I sized up the situation quickly, and thought:  ‘Hmmm. You may be my boss in the office, but here on this stage, I am the Assistant Duke and you are just the Duchess. In this show, you are not the boss of me!  I am the boss of you!  Or, if not the boss of you, then at least, assistant to the boss of you!’”

Just as I was about to speak my latest improvisation:  “You are not the boss of me!” some klutz in the lighting booth tripped, and the entire theater was plunged into darkness. Then I heard a loudmouth coughing into a microphone about waiting for the lights to come up before heading for the doors. But the exodus was already well in progress.

I was asked to leave the show that night.  The vote was unanimous. 

The scuttlebutt on the street is that the rank amateurs who stayed on with the production and forced me out are so blinded by self-adulation, so enamored with their own mediocre talent, that they haven’t even noticed the precipitous drop in quality since my departure. It would not surprise me one whit were the show to close before completing its scheduled nine-performance run, and its backers to suffer a loss.
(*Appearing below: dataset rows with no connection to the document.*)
(* Let $x\in X$ with ${\cal E}_J(x)=\emptyset$. Then for every sequence $(x^{(k)})_{k\in\mathbb N}$ in $X$ converging to $x$ and every $i\in I$, $\rho_i(x^{(k)})\to\rho_i(x)$ (where, if $\rho_i(x)=-\infty$, this means $\rho_i(x^{(k)})=-\infty$ for all sufficiently large $k$). Equivalently, if $\rho=(\rho_i)_{i\in I}$ restricted to $X$ is not continuous at $x\in X$, then ${\cal E}_J(x)\ne\emptyset$.
   Context: $I$ is a finite set of players, $A_i$ finite nonempty action sets, $A=\prod_iA_i$, $r_i:A\to(0,1]$, $p:A\to[0,1]$. Let $\Xi=\prod_i\Delta(A_i)$; for $x\in\Xi$, $p(x)=\sum_ap(a)\prod_jx_j(a_j)$ and, if $p(x)>0$, $r_i(x)=\sum_ar_i(a)p(a)\prod_jx_j(a_j)/p(x)$ (also applied to partially pure profiles). $X:=\{x\in\Xi:p(x)=0\}$ is the set of nonabsorbing mixed action profiles. $\rho_i(x):=\max\{r_i(a_i,x_{-i}):a_i\in A_i,\ p(a_i,x_{-i})>0\}$, with $\max\emptyset=-\infty$ (so $\rho_i$ takes values in $\{-\infty\}\cup(0,1]$). For $x\in X$, a pair $(J,a_J)$ with $\emptyset\ne J\subseteq I$, $a_J\in\prod_{i\in J}A_i$ is an exit at $x$ if $p(a_J,x_{-J})>0$ and $p(a_{J'},x_{-J'})=0$ for every proper subset $J'\subsetneq J$; it is a joint exit if $|J|\ge2$; ${\cal E}_J(x)$ is the set of joint exits at $x$. *)

From HB Require Import structures.
From mathcomp Require Import all_boot all_order all_algebra.
From mathcomp Require Import all_classical all_reals topology normedtype sequences.
Set Implicit Arguments. Unset Strict Implicit. Unset Printing Implicit Defensive.
Import Order.TTheory GRing.Theory Num.Theory numFieldNormedType.Exports.
Local Open Scope classical_set_scope.
Local Open Scope ring_scope.

Section Game.
Variables (R : realType) (I : finType) (A : I -> finType).

Definition profile := {dffun forall i : I, A i}.

Definition mprofile := forall i : I, A i -> R.

Definition is_mixed (x : mprofile) : Prop :=
  forall i, (forall a, 0 <= x i a) /\ \sum_(a : A i) x i a = 1.

Definition pmix (p : profile -> R) (x : mprofile) : R :=
  \sum_(a : profile) p a * \prod_(j : I) x j (a j).

Definition rmix (p : profile -> R) (ri : profile -> R) (x : mprofile) : R :=
  (\sum_(a : profile) ri a * p a * \prod_(j : I) x j (a j)) / pmix p x.

Definition nonabs (p : profile -> R) (x : mprofile) : Prop :=
  is_mixed x /\ pmix p x = 0.

(* (a_i, x_{-i}) : player i plays pure action a, the others play x *)
Definition dev (i : I) (a : A i) (x : mprofile) : mprofile :=
  fun j b => if j == i then (Tagged (fun k => A k) b == Tagged (fun k => A k) a)%:R
             else x j b.

(* (a_J, x_{-J}) : players in J play the pure actions aJ j, others play x;
   the components of aJ outside J are irrelevant. *)
Definition mixJ (J : {set I}) (aJ : profile) (x : mprofile) : mprofile :=
  fun j b => if j \in J then (b == aJ j)%:R else x j b.

(* rho_i(x); None encodes -infinity (max over the empty set).  All candidate
   values are > 0, so the max with neutral element 0 is the true maximum. *)
Definition rho (p : profile -> R) (r : I -> profile -> R) (i : I) (x : mprofile)
  : option R :=
  if [exists a : A i, 0 < pmix p (dev a x)] then
    Some (\big[Num.max/0]_(a : A i | 0 < pmix p (dev a x)) rmix p (r i) (dev a x))
  else None.

Definition is_exit (p : profile -> R) (x : mprofile) (J : {set I}) (aJ : profile)
  : Prop :=
  J != finset.set0 /\ 0 < pmix p (mixJ J aJ x) /\
  forall J' : {set I}, J' \proper J -> pmix p (mixJ J' aJ x) = 0.

Definition no_joint_exit (p : profile -> R) (x : mprofile) : Prop :=
  forall (J : {set I}) (aJ : profile), (2 <= #|J|)%N -> ~ is_exit p x J aJ.

End Game.

(* convergence in {-oo} u R, with -oo isolated: if the limit is -oo the
   sequence is eventually -oo; otherwise it is eventually finite and converges *)
Definition rho_cvg (R : realType) (u : nat -> option R) (l : option R) : Prop :=
  match l with
  | None => \forall k \near \oo, u k = None
  | Some v => (\forall k \near \oo, u k != None) /\
              (fun k => odflt 0 (u k)) @ \oo --> v
  end.

From HB Require Import structures.
From mathcomp Require Import all_boot all_order all_algebra.
From mathcomp Require Import all_classical all_reals topology normedtype sequences.
Import Order.TTheory GRing.Theory Num.Theory numFieldNormedType.Exports.
Local Open Scope classical_set_scope.
Local Open Scope ring_scope.

Set Implicit Arguments.
Unset Strict Implicit.

(* The set {a | p(a, x_-i) > 0} over which rho_i takes its maximum is locally
   constant around x in X, and on it rho_i is a maximum of finitely many
   continuous functions.  A deviation with p(a, x_-i) > 0 keeps that property
   nearby by continuity.  If p(a, x_-i) = 0, let b be a pure profile with
   b_i = a and p(b) > 0.  A minimal set J of players with p(b_J, x_-J) > 0 is
   an exit at x; as there is no joint exit, J = {j}, and j <> i because
   p(b_i, x_-i) = 0.  Near x still p(b_j, y_-j) > 0, and since
   y_j(b_j) p(b_j, y_-j) <= p(y) = 0 this forces y_j(b_j) = 0, so the term of
   b in p(a, y_-i) vanishes. *)

Lemma max_continuous (R : realType) :
  continuous (fun x : R * R => Num.max x.1 x.2).
Proof.
move=> x; apply: (continuous_max (f := fst) (g := snd)).
  exact: cvg_fst.
exact: cvg_snd.
Qed.

Section Profiles.
Context {R : realType} {I : finType} {A : I -> finType}.
Implicit Types (p ri : profile A -> R) (y z : mprofile R A) (b : profile A).

Definition nonneg_profile y := forall j c, 0 <= y j c.

Lemma mixed_nonneg y : is_mixed y -> nonneg_profile y.
Proof. by move=> hy j c; case: (hy j). Qed.

Lemma dev_nonneg y i (a : A i) : nonneg_profile y -> nonneg_profile (dev a y).
Proof. by move=> hy j c; rewrite /dev; case: ifP. Qed.

Lemma mixJ_nonneg y J b : nonneg_profile y -> nonneg_profile (mixJ J b y).
Proof. by move=> hy j c; rewrite /mixJ; case: ifP. Qed.

Lemma mixJ_set0 y b : mixJ finset.set0 b y = y.
Proof.
by apply: functional_extensionality_dep => j; apply: funext => c; rewrite /mixJ inE.
Qed.

Lemma mixJ_set1 y b i : mixJ [set i]%SET b y = dev (b i) y.
Proof.
apply: functional_extensionality_dep => j; apply: funext => c.
rewrite /mixJ /dev inE; case: eqP => [ji|//]; subst j.
by rewrite eq_Tagged.
Qed.

Section Nonneg.
Variable p : profile A -> R.
Hypothesis p_ge0 : forall a, 0 <= p a.

Lemma pmix_ge0 y : nonneg_profile y -> 0 <= pmix p y.
Proof.
by move=> hy; apply: sumr_ge0 => a _; rewrite mulr_ge0 ?prodr_ge0.
Qed.

Lemma pmix_term_le y b : nonneg_profile y -> p b * \prod_j y j (b j) <= pmix p y.
Proof.
move=> hy; rewrite /pmix (bigD1 b) //= lerDl.
by apply: sumr_ge0 => a _; rewrite mulr_ge0 ?prodr_ge0.
Qed.

Lemma mixJ1_weight_le y b j : nonneg_profile y ->
  y j (b j) * pmix p (mixJ [set j]%SET b y) <= pmix p y.
Proof.
move=> hy; rewrite /pmix mulr_sumr; apply: ler_sum => a _.
rewrite /mixJ (bigD1 j) //= [X in _ <= _ * X](bigD1 j) //= !inE eqxx.
under eq_bigr => l hl do rewrite inE (negbTE hl).
have [->|_] := eqVneq (a j) (b j); first by rewrite mul1r mulrCA.
by rewrite mul0r !mulr0 !mulr_ge0 ?prodr_ge0.
Qed.

Lemma nonabs_mixJ1_pos y b j :
  nonabs p y -> 0 < pmix p (mixJ [set j]%SET b y) -> y j (b j) = 0.
Proof.
move=> [/mixed_nonneg hy hy0] hpos; apply/eqP.
have := mixJ1_weight_le b j hy; rewrite hy0 pmulr_lle0 // => hle.
by rewrite eq_le hle hy.
Qed.

Lemma exists_exit x J b : nonneg_profile x -> pmix p x = 0 ->
  0 < pmix p (mixJ J b x) -> exists J', is_exit p x J' b.
Proof.
move=> hx hx0 hJ.
have [J' /minsetP[hJ' minJ'] _] :=
  minset_exists (P := fun B => 0 < pmix p (mixJ B b x)) hJ.
exists J'; split; last split => // J'' ltJ''.
  by apply: contraTneq hJ' => ->; rewrite mixJ_set0 hx0 ltxx.
have := pmix_ge0 (mixJ_nonneg J'' b hx).
rewrite le_eqVlt => /orP[/eqP<-//|/minJ'/(_ (proper_sub ltJ'')) eqJ''].
by rewrite eqJ'' fintype.properxx in ltJ''.
Qed.

Lemma null_dev_single_exit x b i : nonabs p x -> no_joint_exit p x ->
  pmix p (dev (b i) x) = 0 -> 0 < p b ->
  exists2 j, j != i & 0 < pmix p (mixJ [set j]%SET b x).
Proof.
move=> [/mixed_nonneg hx hx0] hE hi hb.
have hT : 0 < pmix p (mixJ [set: I]%SET b x).
  apply: lt_le_trans (pmix_term_le b (mixJ_nonneg [set: I]%SET b hx)).
  by rewrite big1 ?mulr1 // => j _; rewrite /mixJ inE eqxx.
have [J exJ] := exists_exit hx hx0 hT; have [nzJ [posJ _]] := exJ.
have /cards1P[j eJ] : #|J| == 1%N.
  by rewrite eqn_leq card_gt0 nzJ andbT leqNgt; apply/negP => /(hE J b).
exists j; last by rewrite -eJ.
by apply: contraTneq posJ => eji; rewrite eJ eji mixJ_set1 hi ltxx.
Qed.

Lemma rho_dev_support_eq (r : I -> profile A -> R) i y z :
  (forall a : A i, (0 < pmix p (dev a y)) = (0 < pmix p (dev a z))) ->
  rho p r i y = if [exists a : A i, 0 < pmix p (dev a z)] then
    Some (\big[Num.max/0]_(a : A i | 0 < pmix p (dev a z)) rmix p (r i) (dev a y))
  else None.
Proof. by move=> eqyz; rewrite /rho (eq_existsb eqyz) (eq_bigl _ _ eqyz). Qed.

Section Limits.
Context {T : Type} (F : set_system T) {FF : Filter F}.
Implicit Type ys : T -> mprofile R A.

Definition pointwise_cvg ys z :=
  forall j c, ys t j c @[t --> F] --> z j c.

Lemma dev_pointwise_cvg ys z i (a : A i) :
  pointwise_cvg ys z -> pointwise_cvg (fun t => dev a (ys t)) (dev a z).
Proof.
by move=> ysz j c; rewrite /dev; case: eqP => _; [exact: cvg_cst | exact: ysz].
Qed.

Lemma mixJ_pointwise_cvg ys z J b :
  pointwise_cvg ys z -> pointwise_cvg (fun t => mixJ J b (ys t)) (mixJ J b z).
Proof.
by move=> ysz j c; rewrite /mixJ; case: ifP => _; [exact: cvg_cst | exact: ysz].
Qed.

Lemma multilinear_cvg (w : profile A -> R) ys z : pointwise_cvg ys z ->
  (\sum_a w a * \prod_j ys t j (a j)) @[t --> F] --> \sum_a w a * \prod_j z j (a j).
Proof.
move=> ysz; apply: cvg_big => [|a _]; first exact: add_continuous.
apply: cvgM; first exact: cvg_cst.
by apply: cvg_big => [|j _]; [exact: mul_continuous | exact: ysz].
Qed.

Lemma pmix_cvg ys z : pointwise_cvg ys z -> pmix p (ys t) @[t --> F] --> pmix p z.
Proof. exact: multilinear_cvg. Qed.

Lemma rmix_cvg ri ys z : pointwise_cvg ys z -> pmix p z != 0 ->
  rmix p ri (ys t) @[t --> F] --> rmix p ri z.
Proof.
move=> ysz hz; rewrite /rmix; apply: cvgM; last exact: cvgV hz (pmix_cvg ysz).
exact: (multilinear_cvg (w := fun a => ri a * p a) ysz).
Qed.

Lemma null_dev_eventually x ys i (a : A i) :
  nonabs p x -> no_joint_exit p x -> (forall t, nonabs p (ys t)) ->
  pointwise_cvg ys x ->
  pmix p (dev a x) = 0 -> \forall t \near F, pmix p (dev a (ys t)) = 0.
Proof.
move=> hx hE hys ysx hxa.
(* The parentheses stop [dev]'s implicit arguments from reaching into the
   unfolded [mprofile]. *)
suff hterm (b : profile A) :
    \forall t \near F, p b * \prod_(j : I) (dev a (ys t)) j (b j) = 0.
  by apply: filterS _ (filter_forall _ hterm) => t ht; apply: big1 => b _.
have [bia|nbia] := eqVneq (b i) a; last first.
  apply: nearW => t.
  by rewrite (bigD1 i) //= /dev eqxx eq_Tagged (negbTE nbia) mul0r mulr0.
have [->|pb0] := eqVneq (p b) 0; first by apply: nearW => t; rewrite mul0r.
have pb : 0 < p b by rewrite lt_def pb0 p_ge0.
subst a; have [j nji hj] := null_dev_single_exit hx hE hxa pb.
near=> t; rewrite (bigD1 j) //= /dev (negbTE nji).
rewrite (nonabs_mixJ1_pos (hys t)) ?mul0r ?mulr0 //; near: t.
exact: cvgr_gt _ (pmix_cvg (mixJ_pointwise_cvg ysx)) _ hj.
Unshelve. all: by end_near.
Qed.

Lemma dev_support_eventually x ys i :
  nonabs p x -> no_joint_exit p x -> (forall t, nonabs p (ys t)) ->
  pointwise_cvg ys x -> \forall t \near F,
    forall a : A i, (0 < pmix p (dev a (ys t))) = (0 < pmix p (dev a x)).
Proof.
move=> hx hE hys ysx; apply: filter_forall => a.
have [hxa|hxa_le] := ltP 0 (pmix p (dev a x)).
  have ysx_a := pmix_cvg (dev_pointwise_cvg (a := a) ysx).
  by apply: filterS _ (cvgr_gt _ ysx_a _ hxa) => t ->.
have hxa : pmix p (dev a x) = 0.
  apply: le_anti; rewrite hxa_le pmix_ge0 //.
  by apply/dev_nonneg/mixed_nonneg; case: hx.
by apply: filterS _ (null_dev_eventually hx hE hys ysx hxa) => t ->; rewrite ltxx.
Qed.

End Limits.
End Nonneg.
End Profiles.

Unset Implicit Arguments.

Theorem mainTheorem7 (R : realType) (I : finType) (A : I -> finType)
  (hA : forall i, (0 < #|A i|)%N)
  (r : I -> profile A -> R) (p : profile A -> R)
  (hr : forall i a, 0 < r i a <= 1) (hp : forall a, 0 <= p a <= 1)
  (x : mprofile R A) (hx : nonabs p x) (hE : no_joint_exit p x)
  (xs : nat -> mprofile R A) (hxs : forall k, nonabs p (xs k))
  (hcvg : forall i (a : A i), (fun k => xs k i a) @ \oo --> x i a) :
  forall i : I, rho_cvg (fun k => rho p r i (xs k)) (rho p r i x).
Proof.
move=> i.
have p_ge0 a : 0 <= p a by case/andP: (hp a).
have hsupp :=
  dev_support_eventually p_ge0 (FF := eventually_filter) i hx hE hxs hcvg.
rewrite /rho_cvg.
rewrite [rho p r i x](rho_dev_support_eq r (y := x) (z := x) (fun=> erefl)).
pose M y := \big[Num.max/0]_(a : A i | 0 < pmix p (dev a x)) rmix p (r i) (dev a y).
have hrho : \forall k \near \oo, rho p r i (xs k) =
    if [exists a : A i, 0 < pmix p (dev a x)] then Some (M (xs k)) else None.
  by near=> k; apply: rho_dev_support_eq; near: k.
case: ifP hrho => hex hrho //; split; first by near=> k; rewrite (near hrho k).
have hmax : M (xs k) @[k --> \oo] --> M x.
  apply: cvg_big => [|a ha]; first exact: max_continuous.
  exact: rmix_cvg (dev_pointwise_cvg hcvg) (lt0r_neq0 ha).
apply: cvg_trans _ hmax; apply: near_eq_cvg.
by near=> k; rewrite (near hrho k).
Unshelve. all: by end_near.
Qed.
Outrageous, indeed, are the slings and arrows of outrageous fortune.  But, that's life; you're riding high in April, shot down in May.

Me? I’m planning to audition for the upcoming extravaganza: Flummoxed, the Musical. Maybe this time, we can assemble a team of real professionals, class acts who take their craft seriously, who can roll with the punches, and who know the appropriate response to  the call of their muse or an improvised line now and again.

Heaven knows, the community deserves it.